Lemma inv_count_word_le n w : gen_word n w -> inv_count (perm_of_word n w) <= size w.
Proof.
elim: w => [|[|i] w IH] /=; first by rewrite perm_of_word_nil inv_count1.
  by [].
case/andP=> lt_i1n gw; rewrite perm_of_word_cons.
have := IH gw; have [d|nd] := pselect (descent (perm_of_word n w) i).
  by have := inv_count_sgen_descent lt_i1n d; lia.
by have := inv_count_sgen_ascent lt_i1n nd; lia.
Qed.

Lemma increasing_perm_ge n (y : 'S_n) :
  {homo y : u v / u < v} -> forall c : 'I_n, c <= y c.
Proof.
move=> incr_y; suff: forall k (c : 'I_n), c = k :> nat -> k <= y c by move=> h c; exact: h.
elim=> [//|k IH] c Hc.
have Hk : k < n by move: (ltn_ord c); lia.
have := IH (Ordinal Hk) erefl.
have : y (Ordinal Hk) < y c by apply: incr_y => /=; lia.
lia.
Qed.

Lemma increasing_perm1 n (x : 'S_n) : {homo x : u v / u < v} -> x = 1%g.
Proof.
move=> incr_x.
have incr_xV : {homo (x^-1)%g : u v / u < v}.
  move=> u v uv; rewrite ltnNge; apply/negP; rewrite leq_eqVlt => /orP [/eqP E|h].
    by move/val_inj/(congr1 x): E; rewrite !permKV => E; rewrite E ltnn in uv.
  by have := incr_x _ _ h; rewrite !permKV; lia.
apply/permP => c; apply/val_inj; rewrite perm1 /=.
have := increasing_perm_ge incr_x c; have := increasing_perm_ge incr_xV (x c).
by rewrite permK; lia.
Qed.

Lemma no_descent_perm1 n (x : 'S_n) : (forall i, i.+1 < n -> ~ descent x i) -> x = 1%g.
Proof.
move=> nd; apply: increasing_perm1.
have adj (c c' : 'I_n) : c' = c.+1 :> nat -> x c < x c'.
  move=> Hc; have Hn : (c : nat).+1 < n by rewrite -Hc.
  have ne : x c != x c' by apply/negP => /eqP /perm_inj /(congr1 val) /=; lia.
  rewrite ltn_neqAle ne leqNgt /=; apply/negP.
  by move/(descentP x (a:=c) (b:=c') erefl Hc); apply: nd.
suff incr d (u v : 'I_n) : v = u + d.+1 :> nat -> x u < x v.
  by move=> u v uv; apply: (incr (v - u).-1); lia.
elim: d u v => [|d IH] u v Hv; first by apply: adj; rewrite Hv addn1.
have Hw : u + d.+1 < n by move: (ltn_ord v); rewrite Hv; lia.
by apply: (ltn_trans (IH u (Ordinal Hw) erefl)); apply: adj => /=; lia.
Qed.

Lemma exists_inv_count_word n (x : 'S_n) :
  exists w, [/\ gen_word n w, perm_of_word n w = x & size w = inv_count x].
Proof.
have [L] := ubnP (inv_count x); elim: L x => // L IH x ltxL.
have [[i [Hi d]]|nd] := pselect (exists i, i.+1 < n /\ descent x i); last first.
  suff -> : x = 1%g by exists [::]; rewrite perm_of_word_nil inv_count1.
  by apply: no_descent_perm1 => i Hi d; apply: nd; exists i.
have E := inv_count_sgen_descent Hi d.
have [w [gw pw sw]] := IH (sgen n i.+1 * x)%g ltac:(lia).
exists (i.+1 :: w); split => /=.
- by rewrite gw andbT; lia.
- by rewrite perm_of_word_cons pw mulgA sgen2 // mul1g.
- by rewrite sw; lia.
Qed.

Lemma reduced_word_size n (s : 'S_n) w : reduced_word s w -> size w = inv_count s.
Proof.
move=> [gw pw minw]; have [w' [gw' pw' sw']] := exists_inv_count_word s.
by have := minw w' gw' pw'; have := inv_count_word_le gw; rewrite pw; lia.
Qed.

Definition inv_word {n} (s : 'S_n) w :=
  [/\ gen_word n w, perm_of_word n w = s & size w = inv_count s].

Lemma inv_word_cons n k (y : 'S_n) w : k.+1 < n -> descent y k ->
  inv_word (sgen n k.+1 * y)%g w -> inv_word y (k.+1 :: w).
Proof.
move=> Hk d [gw pw sw]; split => /=.
- by rewrite gw andbT; lia.
- by rewrite perm_of_word_cons pw mulgA sgen2 // mul1g.
- by rewrite sw; have := inv_count_sgen_descent Hk d; lia.
Qed.

Lemma inv_word_cons_descent n k (s : 'S_n) w : inv_word s (k.+1 :: w) ->
  [/\ k.+1 < n, descent s k & inv_word (sgen n k.+1 * s)%g w].
Proof.
move=> [/= /andP [Hk gw] pw sw].
have pw1 : perm_of_word n w = (sgen n k.+1 * s)%g.
  by rewrite -pw perm_of_word_cons mulgA sgen2 // mul1g.
have le := inv_count_word_le gw; rewrite pw1 in le.
have [d|nd] := pselect (descent s k).
  by split => //; split => //; have := inv_count_sgen_descent Hk d; move: sw => /=; lia.
by have := inv_count_sgen_ascent Hk nd; move: sw => /=; lia.
Qed.

Lemma descent_sgen_far n i j (s : 'S_n) : i.+1 < n -> j.+1 < n -> (i.+1 < j) || (j.+1 < i) ->
  descent s j -> descent (sgen n i.+1 * s)%g j.
Proof.
move=> Hi Hj Hij d a b Ha Hb.
have [_ _ ->] := sgen_mulE s (a:=Ordinal (ltnW Hi)) (b:=Ordinal Hi) Hi erefl erefl; try lia.
have [_ _ ->] := sgen_mulE s (a:=Ordinal (ltnW Hi)) (b:=Ordinal Hi) Hi erefl erefl; try lia.
exact: d.
Qed.

Lemma descent_sgen_adj n i (s : 'S_n) : i.+2 < n -> descent s i -> descent s i.+1 ->
  [/\ descent (sgen n i.+1 * s)%g i.+1, descent (sgen n i.+2 * (sgen n i.+1 * s))%g i,
      descent (sgen n i.+2 * s)%g i & descent (sgen n i.+1 * (sgen n i.+2 * s))%g i.+1].
Proof.
move=> H d1 d2.
have H1 : i < n by lia. have H2 : i.+1 < n by lia.
pose A := Ordinal H1; pose B := Ordinal H2; pose C := Ordinal H.
have dAB := (descentP s (a:=A) (b:=B) erefl erefl).1 d1.
have dBC := (descentP s (a:=B) (b:=C) erefl erefl).1 d2.
have [e1 e2 e3] := sgen_mulE s (a:=A) (b:=B) H2 erefl erefl.
have [f1 f2 f3] := sgen_mulE s (a:=B) (b:=C) H erefl erefl.
have [g1 g2 g3] := sgen_mulE (sgen n i.+1 * s)%g (a:=B) (b:=C) H erefl erefl.
have [h1 h2 h3] := sgen_mulE (sgen n i.+2 * s)%g (a:=A) (b:=B) H2 erefl erefl.
split.
- apply/(descentP _ (a:=B) (b:=C) erefl erefl); rewrite e2 e3 //=; lia.
- apply/(descentP _ (a:=A) (b:=B) erefl erefl); rewrite g1 g3 //= ?e1 ?e2 ?e3 //=; lia.
- apply/(descentP _ (a:=A) (b:=B) erefl erefl); rewrite f1 f3 //=; lia.
- apply/(descentP _ (a:=B) (b:=C) erefl erefl); rewrite h2 h3 //= ?f1 ?f2 ?f3 //=; lia.
Qed.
────────────────────────────────────────
> **Your goal**
In the entries above, find the line with "move=> [/= /andP [Hk gw] pw sw]." and the line with "have [g1 g2", then set down exactly those two and every line between them, nothing else.

> **Response below**
move=> [/= /andP [Hk gw] pw sw].
have pw1 : perm_of_word n w = (sgen n k.+1 * s)%g.
  by rewrite -pw perm_of_word_cons mulgA sgen2 // mul1g.
have le := inv_count_word_le gw; rewrite pw1 in le.
have [d|nd] := pselect (descent s k).
  by split => //; split => //; have := inv_count_sgen_descent Hk d; move: sw => /=; lia.
by have := inv_count_sgen_ascent Hk nd; move: sw => /=; lia.
Qed.

Lemma descent_sgen_far n i j (s : 'S_n) : i.+1 < n -> j.+1 < n -> (i.+1 < j) || (j.+1 < i) ->
  descent s j -> descent (sgen n i.+1 * s)%g j.
Proof.
move=> Hi Hj Hij d a b Ha Hb.
have [_ _ ->] := sgen_mulE s (a:=Ordinal (ltnW Hi)) (b:=Ordinal Hi) Hi erefl erefl; try lia.
have [_ _ ->] := sgen_mulE s (a:=Ordinal (ltnW Hi)) (b:=Ordinal Hi) Hi erefl erefl; try lia.
exact: d.
Qed.

Lemma descent_sgen_adj n i (s : 'S_n) : i.+2 < n -> descent s i -> descent s i.+1 ->
  [/\ descent (sgen n i.+1 * s)%g i.+1, descent (sgen n i.+2 * (sgen n i.+1 * s))%g i,
      descent (sgen n i.+2 * s)%g i & descent (sgen n i.+1 * (sgen n i.+2 * s))%g i.+1].
Proof.
move=> H d1 d2.
have H1 : i < n by lia. have H2 : i.+1 < n by lia.
pose A := Ordinal H1; pose B := Ordinal H2; pose C := Ordinal H.
have dAB := (descentP s (a:=A) (b:=B) erefl erefl).1 d1.
have dBC := (descentP s (a:=B) (b:=C) erefl erefl).1 d2.
have [e1 e2 e3] := sgen_mulE s (a:=A) (b:=B) H2 erefl erefl.
have [f1 f2 f3] := sgen_mulE s (a:=B) (b:=C) H erefl erefl.
have [g1 g2 g3] := sgen_mulE (sgen n i.+1 * s)%g (a:=B) (b:=C) H erefl erefl.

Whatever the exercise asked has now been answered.